(* Let $n,m\in\mathbb{N}$, $f,g:\mathbb{F}_2^n\to\mathbb{F}_2$, $\mathbf{y}\in\mathbb{F}_2^n$, and let $h(\mathbf{x})=\mathbf{x}\cdot\mathbf{y}$. Then: (i) when $A^{(m)3,3}_n(h,f,g)$ is executed, the probability of measuring the all-zero state $\ket{0^n}$ is $2^{-2n}|C^{(m)}_{f,g}(\mathbf{y})|^2$; (ii) when $A^{(m)2,3}_n(h,f,g)$ is executed, the probability of measuring the driving qubit in state $\ket{0}$ is $\frac12\left(1+\Re\left(2^{-n}\zeta_m^{-wt(\mathbf{y})}C^{(m)}_{f,g}(\mathbf{y})\right)\right)$.
   Context: $\zeta_m=e^{2\pi i/m}$, $\overline{\zeta_m}$ its conjugate; $wt$ is Hamming weight; $\mathbf{x}\cdot\mathbf{y}=\bigoplus_i x_iy_i$; $\mathbf{x}\odot\mathbf{y}=\sum_ix_iy_i$ in the integers. $m$-crosscorrelation: $C^{(m)}_{f,g}(\mathbf{y})=\sum_{\mathbf{x}}(-1)^{f(\mathbf{x})\oplus g(\mathbf{x}\oplus\mathbf{y})}(\zeta_m^2)^{\mathbf{x}\odot\mathbf{y}}$. Gates: $\mathrm{H}$ Hadamard; $\Omega_m=\frac{1}{\sqrt2}\begin{pmatrix}1&\zeta_m\\1&-\zeta_m\end{pmatrix}$; $\overline{\Omega}_m=\frac{1}{\sqrt2}\begin{pmatrix}1&\overline{\zeta_m}\\1&-\overline{\zeta_m}\end{pmatrix}$; $\mathrm{S}_m=\mathrm{diag}(1,\zeta_m)$; $U_f$ is the phase oracle $\ket{\mathbf{x}}\mapsto(-1)^{f(\mathbf{x})}\ket{\mathbf{x}}$. Algorithm $A^{(m)3,3}_n(f_1,f_2,f_3)$: from $\ket{0^n}$ apply in order $\mathrm{H}^{\otimes n}$, $U_{f_2}$, $\Omega_m^{\otimes n}$, $U_{f_1}$, $\mathrm{H}^{\otimes n}$, $U_{f_3}$, $\overline{\Omega}_m^{\otimes n}$, then measure all qubits. Algorithm $A^{(m)2,3}_n(f_1,f_2,f_3)$: driving qubit in $\ket{+}$, $n$-qubit register in $\ket{0^n}$; apply $\mathrm{H}^{\otimes n}$ to the register; controlled on driving qubit $\ket{0}$ apply $U_{f_2}$, $\Omega_m^{\otimes n}$, $U_{f_1}$, $\mathrm{H}^{\otimes n}$ in order; controlled on driving qubit $\ket{1}$ apply $\mathrm{S}_m^{\otimes n}$, $U_{f_3}$ in order; apply $\mathrm{H}$ to the driving qubit and measure it. *)

From HB Require Import structures.
From mathcomp Require Import all_boot all_order all_algebra.
From mathcomp Require Import reals trigo.
From mathcomp Require Import complex.
Set Implicit Arguments. Unset Strict Implicit. Unset Printing Implicit Defensive.
Import Order.TTheory GRing.Theory Num.Theory.
Local Open Scope ring_scope.

Section Quantum.
Variable R : realType.
Local Notation C := R[i].

Definition bv (n : nat) := {ffun 'I_n -> bool}.
Definition bv0 (n : nat) : bv n := [ffun => false].

Definition dotF2 n (x y : bv n) : bool := \big[addb/false]_(i < n) (x i && y i).
Definition dotZ n (x y : bv n) : nat := \sum_(i < n) (x i && y i).
Definition wt n (y : bv n) : nat := \sum_(i < n) y i.

Definition sgnb (b : bool) : C := (-1) ^+ b.

Definition zeta (m : nat) : C := Complex (cos (2 * pi / m%:R)) (sin (2 * pi / m%:R)).
Definition zetabar (m : nat) : C := conjc (zeta m).

Definition bvxor n (x y : bv n) : bv n := [ffun i => x i (+) y i].

Definition crosscorr (m n : nat) (f g : bv n -> bool) (y : bv n) : C :=
  \sum_(x : bv n) sgnb (f x (+) g (bvxor x y)) * (zeta m ^+ 2) ^+ dotZ x y.

(* a state of an n-qubit register: amplitude of each basis state |x> *)
Definition state n := bv n -> C.

(* a single-qubit gate as a 2x2 matrix: gate1 a b = <a| U |b> *)
Definition gate1 := bool -> bool -> C.

Definition invsqrt2 : C := ((Num.sqrt (2 : R))^-1)%:C%C.

Definition Hg : gate1 := fun a b => invsqrt2 * sgnb (a && b).
Definition Omega (m : nat) : gate1 :=
  fun a b => invsqrt2 * (if b then zeta m else 1) * sgnb (a && b).
Definition Omegabar (m : nat) : gate1 :=
  fun a b => invsqrt2 * (if b then zetabar m else 1) * sgnb (a && b).
Definition Sg (m : nat) : gate1 :=
  fun a b => if a == b then (if a then zeta m else 1) else 0.

Definition tensor_all n (U : gate1) (psi : state n) : state n :=
  fun x => \sum_(z : bv n) (\prod_(i < n) U (x i) (z i)) * psi z.

Definition oracle n (f : bv n -> bool) (psi : state n) : state n :=
  fun x => sgnb (f x) * psi x.

Definition ket0 (n : nat) : state n := fun x => if x == bv0 n then 1 else 0.

Definition A33_state (m n : nat) (f1 f2 f3 : bv n -> bool) : state n :=
  tensor_all (Omegabar m) (oracle f3 (tensor_all Hg (oracle f1
    (tensor_all (Omega m) (oracle f2 (tensor_all Hg (@ket0 n))))))).

Definition prob_outcome n (psi : state n) (x : bv n) : R := Normc.normc (psi x) ^+ 2.

(* states of driving qubit (first factor) + n-qubit register *)
Definition dstate n := bool -> state n.

Definition ctrl n (c : bool) (U : state n -> state n) (psi : dstate n) : dstate n :=
  fun b => if b == c then U (psi b) else psi b.

Definition on_reg n (U : state n -> state n) (psi : dstate n) : dstate n :=
  fun b => U (psi b).

Definition H_drive n (psi : dstate n) : dstate n :=
  fun b x => \sum_(c : bool) Hg b c * psi c x.

Definition init_drive (n : nat) : dstate n := fun b => (fun x => invsqrt2 * @ket0 n x).

Definition A23_state (m n : nat) (f1 f2 f3 : bv n -> bool) : dstate n :=
  H_drive
   (ctrl true (fun psi => oracle f3 (tensor_all (Sg m) psi))
     (ctrl false (fun psi => tensor_all Hg (oracle f1 (tensor_all (Omega m) (oracle f2 psi))))
       (on_reg (tensor_all Hg) (@init_drive n)))).

Definition prob_drive n (psi : dstate n) (c : bool) : R :=
  \sum_(x : bv n) Normc.normc (psi c x) ^+ 2.

End Quantum.

From HB Require Import structures.
From mathcomp Require Import all_boot all_order all_algebra.
From mathcomp Require Import reals trigo.
From mathcomp Require Import complex.
From mathcomp Require Import ring.
From mathcomp Require Import boolp.
Set Implicit Arguments. Unset Strict Implicit. Unset Printing Implicit Defensive.
Import Order.TTheory GRing.Theory Num.Theory.
Local Open Scope ring_scope.

(* Write chi_y(x) = (-1)^(x.y).  By orthogonality of the characters chi_y, the
   Hadamard transform conjugates the phase oracle of x |-> x.y into the translation
   by y: H^n U_h H^n psi = psi(. + y).  Since Omega_m = H S_m gatewise, the common
   prefix H^n U_h Omega^n U_f H^n of both algorithms maps |0^n> to the state with
   amplitudes 2^(-n/2) zeta^wt(w+y) (-1)^f(w+y).  Both probabilities are then read
   off the overlap
     sum_x zeta^wt(x+y) (-1)^f(x+y) conj(zeta^wt(x) (-1)^g(x)) = zeta^(-wt y) C_{f,g}(y),
   an identity which follows from wt x + wt y = 2 (x (.) y) + wt (x + y). *)

Section BitVectors.
Variable n : nat.
Implicit Types x y a b : bv n.

Lemma dotF2C x y : dotF2 x y = dotF2 y x.
Proof. by apply: eq_bigr => i _; rewrite andbC. Qed.

Lemma dotF2_xorr x a b : dotF2 x (bvxor a b) = dotF2 x a (+) dotF2 x b.
Proof. by rewrite /dotF2 -big_split; apply: eq_bigr => i _; rewrite ffunE andb_addr. Qed.

Lemma dotF2_0r x : dotF2 x (bv0 n) = false.
Proof. by rewrite /dotF2 big1 // => i _; rewrite ffunE andbF. Qed.

Lemma bvxorK y : involutive (@bvxor n ^~ y).
Proof. by move=> x; apply/ffunP => i; rewrite !ffunE addbK. Qed.

Lemma wt_bvxor x y : (wt x + wt y = 2 * dotZ x y + wt (bvxor x y))%N.
Proof.
rewrite /wt /dotZ -big_split big_distrr -big_split /=.
by apply: eq_bigr => i _; rewrite ffunE; case: (x i); case: (y i).
Qed.

End BitVectors.

Section Characters.
Variables (R : realType) (n : nat).
Local Notation C := R[i].
Local Notation sgn := (sgnb R).
Implicit Types x y a b : bv n.

Lemma sgnb_dotF2 x y : sgn (dotF2 x y) = \prod_i sgn (x i && y i).
Proof. by rewrite /dotF2 (big_morph sgn (@signr_addb C) (erefl : sgn false = 1)). Qed.

Lemma expr_wt (c : C) y : c ^+ wt y = \prod_i (if y i then c else 1).
Proof.
rewrite /wt (big_morph _ (exprD c) (expr0 c)).
by apply: eq_bigr => i _; case: (y i).
Qed.

Lemma prod_eq_if a b (F : 'I_n -> C) :
  \prod_i (if a i == b i then F i else 0) = if a == b then \prod_i F i else 0.
Proof.
have [->|neq_ab] := eqVneq a b; first by apply: eq_bigr => i _; rewrite eqxx.
have [i neq_i] : exists i, a i != b i.
  apply/existsP; rewrite -negb_forall; apply: contra neq_ab => /forallP eq_ab.
  by apply/eqP/ffunP => i; apply/eqP.
by rewrite (bigD1 i) //= (negbTE neq_i) mul0r.
Qed.

Lemma sum_sgnb_dotF2 a b :
  \sum_x sgn (dotF2 x a) * sgn (dotF2 x b) = if a == b then 2 ^+ n else 0.
Proof.
under eq_bigr do rewrite !sgnb_dotF2 -big_split.
rewrite -(bigA_distr_bigA (fun i (c : bool) => sgn (c && a i) * sgn (c && b i))).
rewrite (eq_bigr (fun i => if a i == b i then 2 else 0)).
  by rewrite prod_eq_if prodr_const card_ord.
move=> i _; rewrite big_bool /sgnb /=.
by case: (a i); case: (b i); rewrite /= ?expr0 ?expr1 ?mulrNN ?mulr1 ?mul1r ?addNr.
Qed.

End Characters.

Section Gates.
Variables (R : realType) (n : nat).
Local Notation C := R[i].
Local Notation sgn := (sgnb R).
Local Notation s := (invsqrt2 R).
Implicit Types (psi : state R n) (x y : bv n).

Lemma invsqrt2_sqr : s * s = 2^-1.
Proof.
rewrite /invsqrt2 -rmorphM -invfM -expr2 sqr_sqrtr ?ler0n //.
by rewrite fmorphV rmorph_nat.
Qed.

Lemma invsqrt2_expn_sqr : s ^+ n * s ^+ n = 2^-n.
Proof. by rewrite -exprMn invsqrt2_sqr exprVn. Qed.

Lemma zeta_mulJ m : zeta R m * conjc (zeta R m) = 1.
Proof.
apply/eqP; rewrite eq_complex /= mulrN opprK -!expr2 cos2Dsin2 eqxx /=.
by rewrite mulrN [X in _ + X]mulrC addNr.
Qed.

Lemma zeta_neq0 m : zeta R m != 0.
Proof.
by apply/eqP => z0; move: (zeta_mulJ m); rewrite z0 mul0r => /eqP; rewrite eq_sym oner_eq0.
Qed.

Lemma normc_zeta m : `|zeta R m| = 1.
Proof. by apply/eqP; rewrite -sqrp_eq1 // sqr_normc zeta_mulJ. Qed.

Lemma zetabarE m : zetabar R m = (zeta R m)^-1.
Proof. by apply: (mulfI (zeta_neq0 m)); rewrite divff ?zeta_neq0 // zeta_mulJ. Qed.

Lemma tensor_allZ (U : gate1 R) (c : C) psi :
  tensor_all U (fun x => c * psi x) = fun x => c * tensor_all U psi x.
Proof.
apply: funext => x.
by rewrite /tensor_all mulr_sumr; apply: eq_bigr => z _; rewrite mulrCA.
Qed.

Lemma tensor_all_phase (U : gate1 R) (c : C) :
    (forall a b, U a b = s * (if b then c else 1) * sgn (a && b)) ->
  forall psi, tensor_all U psi =
    fun x => s ^+ n * \sum_z c ^+ wt z * sgn (dotF2 x z) * psi z.
Proof.
move=> UE psi; apply: funext => x.
rewrite /tensor_all mulr_sumr; apply: eq_bigr => z _.
rewrite (eq_bigr _ (fun i _ => UE (x i) (z i))) !big_split /= prodr_const card_ord.
by rewrite -expr_wt -sgnb_dotF2 !mulrA.
Qed.

Lemma tensor_all_Hg psi :
  tensor_all (Hg R) psi = fun x => s ^+ n * \sum_z sgn (dotF2 x z) * psi z.
Proof.
rewrite (@tensor_all_phase _ 1) => [|a b]; last by rewrite if_same mulr1.
apply: funext => x /=.
by under eq_bigr do rewrite expr1n mul1r.
Qed.

Lemma tensor_all_Hg_ket0 : tensor_all (Hg R) (@ket0 R n) = fun=> s ^+ n.
Proof.
rewrite tensor_all_Hg; apply: funext => x.
rewrite (bigD1 (bv0 n)) //= big1 => [|z /negbTE nz]; last by rewrite /ket0 nz mulr0.
by rewrite /ket0 eqxx dotF2_0r mulr1 addr0 /sgnb expr0 mulr1.
Qed.

Lemma tensor_all_Sg m psi :
  tensor_all (Sg R m) psi = fun x => zeta R m ^+ wt x * psi x.
Proof.
apply: funext => x.
have prod_Sg (z : bv n) :
    \prod_i Sg R m (x i) (z i) = if x == z then zeta R m ^+ wt x else 0.
  by rewrite /Sg prod_eq_if -expr_wt.
rewrite /tensor_all (bigD1 x) //= prod_Sg eqxx big1 ?addr0 // => z /negbTE nzx.
by rewrite prod_Sg eq_sym nzx mul0r.
Qed.

Lemma tensor_all_Omega m psi :
  tensor_all (Omega R m) psi = tensor_all (Hg R) (tensor_all (Sg R m) psi).
Proof.
rewrite (@tensor_all_phase _ (zeta R m)) // tensor_all_Hg tensor_all_Sg.
by apply: funext => x /=; under eq_bigr do rewrite -mulrA mulrCA.
Qed.

Lemma tensor_all_Hg_oracle_dotF2 y psi :
  tensor_all (Hg R) (oracle (fun x => dotF2 x y) (tensor_all (Hg R) psi)) =
  fun w => psi (bvxor w y).
Proof.
rewrite !tensor_all_Hg /oracle; apply: funext => w /=.
transitivity (s ^+ n * s ^+ n *
    \sum_v psi v * \sum_u sgn (dotF2 u (bvxor w y)) * sgn (dotF2 u v)).
  rewrite -mulrA; congr (_ * _).
  transitivity (\sum_u \sum_v
      s ^+ n * psi v * (sgn (dotF2 u (bvxor w y)) * sgn (dotF2 u v))).
    apply: eq_bigr => u _; rewrite !mulr_sumr; apply: eq_bigr => v _.
    by rewrite dotF2_xorr /sgnb signr_addb (dotF2C u w); ring.
  rewrite exchange_big mulr_sumr; apply: eq_bigr => v _.
  by rewrite !mulr_sumr; apply: eq_bigr => u _; rewrite -mulrA.
under eq_bigr do rewrite sum_sgnb_dotF2.
rewrite (bigD1 (bvxor w y)) //= eqxx big1 => [|v /negbTE nv]; last first.
  by rewrite eq_sym nv mulr0.
by rewrite addr0 invsqrt2_expn_sqr mulrCA mulVf ?mulr1 // expf_neq0 // pnatr_eq0.
Qed.

End Gates.

Section ComplexModulus.
Variable R : rcfType.
Implicit Types u v : R[i].

Lemma normc_sqrE u : (Normc.normc u ^+ 2)%:C%C = `|u| ^+ 2.
Proof. exact: rmorphXn. Qed.

Lemma mulcJ_add_unit u v : u * conjc u = 1 -> v * conjc v = 1 ->
  (u + v) * conjc (u + v) = 2 + (u * conjc v + conjc (u * conjc v)).
Proof.
move=> uJ vJ; rewrite rmorphD rmorphM /= conjcK.
transitivity (u * conjc u + v * conjc v + (u * conjc v + conjc u * v)); first by ring.
by rewrite uJ vJ mulrC.
Qed.

End ComplexModulus.

Section Phases.
Variables (R : realType) (m n : nat).
Local Notation C := R[i].
Local Notation zeta := (zeta R m).

Definition phase (f : bv n -> bool) (x : bv n) : C := zeta ^+ wt x * sgnb R (f x).

Lemma phase_conj f x : conjc (phase f x) = zetabar R m ^+ wt x * sgnb R (f x).
Proof. by rewrite rmorphM rmorphXn /sgnb rmorph_sign. Qed.

Lemma phase_mulJ f x : phase f x * conjc (phase f x) = 1.
Proof.
by rewrite phase_conj mulrACA -exprMn zeta_mulJ expr1n mul1r -expr2 sqrr_sign.
Qed.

How to complete this task: With the line that contains "Proof. by rewrite rmorphM" as the first and the final line of the data as the last, repeat every line in that span exactly.

Problem solution:
Proof. by rewrite rmorphM rmorphXn /sgnb rmorph_sign. Qed.

Lemma phase_mulJ f x : phase f x * conjc (phase f x) = 1.
Proof.
by rewrite phase_conj mulrACA -exprMn zeta_mulJ expr1n mul1r -expr2 sqrr_sign.
Qed.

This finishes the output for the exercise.